我喜酒。这与我家曾世代酿酒有关。而我的酒量未知,尚无人能探我深浅。

我家是一个酒作坊,卖的以米酒居多,也卖梅子酒,青红色泽,直飘进巷子的最深处去。

那时候父亲爱看武侠小说,于是把他的闺女我,当成是故事里的主角一样摆上阵去,有点儿类似摆擂台相亲,只不过相的可不是我的亲,而是我们家米酒券的亲。

于是这门擂台赛古今中西结合,每周六晚上我都需要跟上门挑战的三个对手对饮,直到一方趴下为止。若是我们家的人被喝趴下,那对手就将获得一整年的免单。

忘记告诉你们,我们家还有一个小酒吧,也有主唱歌手弹着吉他翻唱民谣,长发青年大唱摇滚,只不过酒不是啤酒,也不是鸡尾酒,而是香气四溢味儿就足够醉人的米酒。在这样一个酒文化的小镇里,也算是一个怡然自得的去处,生意自然是火热。

你是上门挑战的第12个人。在你之前来的11个人,各个被我给喝趴下了。有几个酒量着实不错,只是我喝起酒来宛若喝水,这大概与我哺乳期,母亲就是个酒仙子有关。

你并不是被酒香吸引过来的。而且我可不知怎么有你这样没有自知之明的。来挑战我的,大多还算是酒桌上的好手。他们统统不屑我这样的小女孩,看起来身量娇小,酒量也好不到哪里去。可是,最后总是迷迷糊糊地被送回家,连甘拜下风的敬辞都给不了。

本着对上门挑战者一视同仁的原则,父亲端上几坛好酒,给你盛满一个青花瓷碗,你毫不推让,一口饮尽。

我当时想,你倒是豪爽,年纪轻轻,却一派好酒品,心想不能轻敌,可我还来不及开战,你站起身就摇摇晃晃,酒精上脸,高原红立马从两颊扩散到了全身,你的手指往前指,跟我说,再来一碗。

自然不能再来一碗了。
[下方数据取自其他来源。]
(* For every $\epsilon>0$ there is a constant $c$ such that every parenthesis matching $M$ on $n$ vertices satisfies $$r_<(M,K_3)\le c\,n^{1+\epsilon}.$$
   Context: An ordered graph on $[N]$ is a graph with vertex set $\{1,\dots,N\}$ equipped with the natural order. Given a red/blue coloring of the edges of the complete graph on $[N]$, a red (ordered) copy of an ordered graph $G$ on $[p]$ is a strictly increasing map $\varphi:[p]\to[N]$ such that $\varphi(u)\varphi(v)$ is red for every edge $uv$ of $G$. The ordered Ramsey number $r_<(G,K_3)$ is the smallest $N$ such that every red/blue coloring of the edges of the complete graph on $[N]$ contains either a red ordered copy of $G$ or a blue triangle. A parenthesis matching is an ordered perfect matching on $[n]$ in which no two edges cross: for any two edges $\{i,j\}$, $\{k,l\}$ with $i<j$, $k<l$, the intervals $[i,j]$ and $[k,l]$ are either disjoint or one is contained in the other (equivalently, it is the matching induced by a balanced parenthesis sequence, matched parentheses forming the edges). *)

From mathcomp Require Import all_boot.
From Stdlib Require Import Reals.

Set Implicit Arguments.
Unset Strict Implicit.
Unset Printing Implicit Defensive.

(* A red/blue colouring of the edges of the complete graph on [N]:
   the edge {i,j} with i < j is red iff c i j = true (values of c on pairs
   with i >= j are irrelevant). *)
Definition coloring (N : nat) := 'I_N -> 'I_N -> bool.

(* An ordered graph on [p] is given by a relation g; the edge {u,v}, u < v,
   is present iff g u v. *)
Definition red_copy (p : nat) (g : rel 'I_p) (N : nat) (c : coloring N) : Prop :=
  exists phi : 'I_p -> 'I_N,
    (forall u v : 'I_p, u < v -> phi u < phi v) /\
    (forall u v : 'I_p, u < v -> g u v -> c (phi u) (phi v)).

Definition blue_triangle (N : nat) (c : coloring N) : Prop :=
  exists i j k : 'I_N,
    [/\ i < j, j < k, ~~ c i j, ~~ c i k & ~~ c j k].

Definition arrows_K3 (p : nat) (g : rel 'I_p) (N : nat) : Prop :=
  forall c : coloring N, red_copy g c \/ blue_triangle c.

Definition is_parenthesis_matching (n : nat) (m : rel 'I_n) : Prop :=
  [/\ symmetric m, irreflexive m,
      (forall i : 'I_n, exists! j : 'I_n, m i j) &
      (forall i j k l : 'I_n, i < j -> k < l -> m i j -> m k l ->
         (j < k \/ l < i) \/ (k <= i /\ j <= l) \/ (i <= k /\ l <= j))].

(* Encode the matching as a non-crossing fixed-point-free involution f and fix
   a colouring without blue triangle.  By strong induction on s, every f-closed
   interval of length s embeds red into every interval of length s * h(s) of
   the host, where h(s) is about A s^eps.  If some host vertex has blue degree
   at least s, its blue neighbourhood is a red clique.  Otherwise a closed
   interval that is not a single arc splits into two shorter ones.  A single
   arc is followed inwards along nested arcs as long as the parts left outside
   the next arc are short (a 1/d fraction); this spine ends in an arc whose
   inner arcs are all at most a (1 - 1/d) fraction of its content, which
   therefore embeds blockwise by induction at the cheaper rate h((1 - 1/d) s).
   The spine arcs go to nested pairs of host vertices placed symmetrically
   around that block; since blue degrees are small, a suitable shift makes few
   of these pairs blue, and blue pairs are skipped.  The gains
   h(s) - h((1 - 1/d) s) >= 8 and h(s) >= 4 h(s/d) + 12 pay for the skipped
   pairs and the short side parts, and s h(s) = O(s^(1+eps)). *)

From Stdlib Require Import Reals Lra ZArith Classical.
From mathcomp Require Import all_boot zify.

Set Implicit Arguments.
Unset Strict Implicit.
Unset Printing Implicit Defensive.

Lemma exists_le_mean (g : nat -> nat) D : 0 < D ->
  exists2 c, c < D & D * g c <= \sum_(0 <= i < D) g i.
Proof.
case: D => // D _.
have [c _ cmin] := arg_minnP (fun i : 'I_D.+1 => g i) (isT : xpredT ord0).
exists c => //; rewrite -{1}(subn0 D.+1) -sum_nat_const_nat !big_mkord.
by apply: leq_sum => i _; apply: cmin.
Qed.

Lemma count_index_iota_cat (P : pred nat) a m b : a <= m -> m <= b ->
  count P (index_iota a b) = count P (index_iota a m) + count P (index_iota m b).
Proof.
move=> am mb; rewrite /index_iota -count_cat -{2}(subnKC am) -iotaD.
by congr (count _ (iota _ _)); lia.
Qed.

Lemma first_hit (r : nat -> bool) a b :
  count (fun y => ~~ r y) (index_iota a b) < b - a ->
  exists y, [/\ a <= y < b, r y & count (fun y => ~~ r y) (index_iota a b) =
                                  (y - a) + count (fun y => ~~ r y) (index_iota y.+1 b)].
Proof.
rewrite /index_iota; move kE: (b - a) => k; elim: k a kE => [|k IH] a kE cnt; first lia.
have kE' : b - a.+1 = k by lia.
case: (boolP (r a)) => ra.
  by exists a; rewrite /= ra subnn kE'; split=> //; lia.
move: cnt; rewrite /= ra /= => cnt.
have [y [/andP [ay yb] ry ->]] := IH a.+1 kE' (ltac:(lia)).
by exists y; split=> //; lia.
Qed.

Section Embeddings.

Variables (n : nat) (f : nat -> nat).
Hypothesis f_lt : forall i, i < n -> f i < n.
Hypothesis f_inv : forall i, i < n -> f (f i) = i.
Hypothesis f_neq : forall i, i < n -> f i != i.
Hypothesis f_noncrossing :
  forall i j, i < n -> i < f i -> i < j -> j < f i -> i < f j < f i.

Variables (N : nat) (col : nat -> nat -> bool).

Definition closed_itv p q := forall i, p <= i < q -> p <= f i < q.

Definition red_emb p q lo hi (phi : nat -> nat) :=
  [/\ forall i j, p <= i -> i < j -> j < q -> phi i < phi j,
      forall i, p <= i < q -> lo <= phi i < hi &
      forall i, p <= i < q -> i < f i -> col (phi i) (phi (f i))].

Lemma red_emb_widen p q lo hi lo' hi' phi :
  red_emb p q lo hi phi -> lo' <= lo -> hi <= hi' -> red_emb p q lo' hi' phi.
Proof. by case=> mono range red lo'lo hihi'; split=> // i /range; lia. Qed.

Lemma red_emb_nil p q lo hi phi : q <= p -> red_emb p q lo hi phi.
Proof. by move=> qp; split=> *; lia. Qed.

Lemma closed_itv_cat p r q :
  closed_itv p r -> closed_itv r q -> p <= r -> r <= q -> closed_itv p q.
Proof.
move=> cl1 cl2 pr rq i ipq; case: (ltnP i r) => ir.
  by have := cl1 i; lia.
by have := cl2 i; lia.
Qed.

Lemma red_emb_cat p r q lo1 hi1 lo2 hi2 phi1 phi2 :
  closed_itv p r -> closed_itv r q -> p <= r -> r <= q ->
  red_emb p r lo1 hi1 phi1 -> red_emb r q lo2 hi2 phi2 ->
  lo1 <= lo2 -> hi1 <= lo2 -> hi1 <= hi2 ->
  red_emb p q lo1 hi2 (fun i => if i < r then phi1 i else phi2 i).
Proof.
move=> cl1 cl2 pr rq [mono1 range1 red1] [mono2 range2 red2] l12 h1l2 h12; split.
- move=> i j pi ij jq; case: (ltnP i r) => ir; case: (ltnP j r) => jr.
  + exact: mono1.
  + by have := range1 i; have := range2 j; lia.
  + lia.
  + exact: mono2.
- move=> i ipq; case: (ltnP i r) => ir.
  + by have := range1 i; lia.
  + by have := range2 i; lia.
- move=> i ipq ifi; case: (ltnP i r) => ir.
  + have /andP [_ ->] := cl1 i (ltac:(lia)).
    by apply: red1 => //; lia.
  + have /andP [rfi _] := cl2 i (ltac:(lia)).
    by rewrite ltnNge rfi /=; apply: red2 => //; lia.
Qed.

Lemma closed_itv_arc_inner p : p < n -> p < f p -> closed_itv p.+1 (f p).
Proof. by move=> pn pfp i /andP [pi ifp]; have := f_noncrossing pn pfp pi ifp; lia. Qed.

Lemma closed_itv_arc p : p < n -> p < f p -> closed_itv p (f p).+1.
Proof.
move=> pn pfp i /andP [pi ifp].
have [->|ip] := eqVneq i p; first lia.
have [->|ifp'] := eqVneq i (f p); first by rewrite f_inv //; lia.
by have := f_noncrossing pn pfp (j := i) (ltac:(lia)) (ltac:(lia)); lia.
Qed.

Lemma closed_itv_head_arc p q : q <= n -> p < q -> closed_itv p q -> p < f p < q.
Proof.
move=> qn pq cl; have /andP [pfp fpq] := cl p (ltac:(lia)).
by have := f_neq (i := p) (ltac:(lia)); lia.
Qed.

Lemma closed_itv_behead_arc p q :
  q <= n -> p < q -> closed_itv p q -> closed_itv (f p).+1 q.
Proof.
move=> qn pq cl; have /andP [pfp fpq] := closed_itv_head_arc qn pq cl.
move=> i /andP [fpi iq]; have /andP [pfi ->] := cl i (ltac:(lia)).
rewrite andbT ltnNge; apply/negP => fifp.
by have := closed_itv_arc (p := p) (ltac:(lia)) pfp (i := f i) (ltac:(lia)); rewrite f_inv; lia.
Qed.

Lemma red_emb_arc p lo hi a b phi :
  p < n -> p < f p -> red_emb p.+1 (f p) lo hi phi ->
  a < lo -> hi <= b -> a < b -> col a b ->
  red_emb p (f p).+1 a b.+1 (fun i => if i == p then a else if i == f p then b else phi i).
Proof.
move=> pn pfp [mono range red] alo hib ab cab; have cl := closed_itv_arc_inner pn pfp.
split.
- move=> i j pi ij jq.
  have [ip|ip] := eqVneq i p; have [jp|jp] := eqVneq j p;
  have [ie|ie] := eqVneq i (f p); have [je|je] := eqVneq j (f p);
  try (have := range i (ltac:(lia))); try (have := range j (ltac:(lia))); try lia.
  by move=> _ _; apply: mono; lia.
- move=> i /andP [pi ifp].
  have [ip|ip] := eqVneq i p; first lia.
  have [ie|ie] := eqVneq i (f p); first lia.
  by have := range i; lia.
- move=> i /andP [pi ifp] ifi.
  have [->|ip] := eqVneq i p; first by rewrite ?eqxx (negbTE (f_neq pn)) ?eqxx.
  have [ie|ie] := eqVneq i (f p); first by move: ifi; rewrite ie f_inv //; lia.
  have /andP [pfi fifp] := cl i (ltac:(lia)).
  rewrite (ltac:(lia) : (f i == p) = false) (ltac:(lia) : (f i == f p) = false).
  by apply: red => //; lia.
Qed.

Hypothesis no_blue_triangle :
  forall x y z, x < y -> y < z -> z < N -> [|| col x y, col x z | col y z].

Definition blue v w := ~~ col (minn v w) (maxn v w).
Definition blue_deg lo hi v := count (fun w : nat => (w != v) && blue v w) (index_iota lo hi).

Lemma blueE v w : v < w -> blue v w = ~~ col v w.
Proof. by move=> vw; rewrite /blue (minn_idPl (ltnW vw)) (maxn_idPr (ltnW vw)). Qed.

Lemma blueC v w : blue v w = blue w v.
Proof. by rewrite /blue minnC maxnC. Qed.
索性那日看客也不多,你是单枪匹马前来,醉后也没有人将你扶走。

父亲将你架到小店的绿色长沙发上,你的学生证从衣服口袋里滑落。父亲捡起来递给我,说,是你的同学。尔后,他慈爱地看了已经不省人事的你一眼,笑着说,这孩子,有心事。

16岁的少年能有的心事,多数跟爱情有关。你那天在长沙发上睡得很昏很沉。我有半个小时伏在那沙发前看你的脸,月光下把你渐渐褪去红潮的脸晒得很柔和。其实你别误会,我并不是为了偷窥你,只是我好奇书上的情节,以为你醉后会吐真言,我想听一听你的故事,故事里的女主角的名字,听一听那句低沉的,结结巴巴,却完全真切的。

“我很喜欢你。”

但是你没说。不过不碍事,我很快就知道了。你故事的女主角,我也认识。

我们的主唱是一个看起来很普通但一唱歌就特有男人味的眼镜男,他的声音有点像万晓利,那个唱《狐狸》唱得眼神飞起来却仍旧满身淡定的家伙。

你喜欢的人,叫叶子衿。就是叶子阳的亲妹妹。

叶子衿是我的隔壁班同学,不过我们并不熟络。对于我们这个年纪的女生来说,嫉妒心勃发,看一个同龄同性不顺眼压根不需要理由。

我也是听旁人说起,叶子衿对我的看法。

简单来说,如下,自以为家里开个小破酒作坊小破山寨酒吧就是个富家小姐了吗?一副假淡定看不起所有人的样子,真是讨厌。而我也是怎么都喜欢不起叶子衿来,除了她在背后眉飞色舞地跟人说我有多么讨厌多么清高这回事外,她长得也太不是我喜欢的型儿。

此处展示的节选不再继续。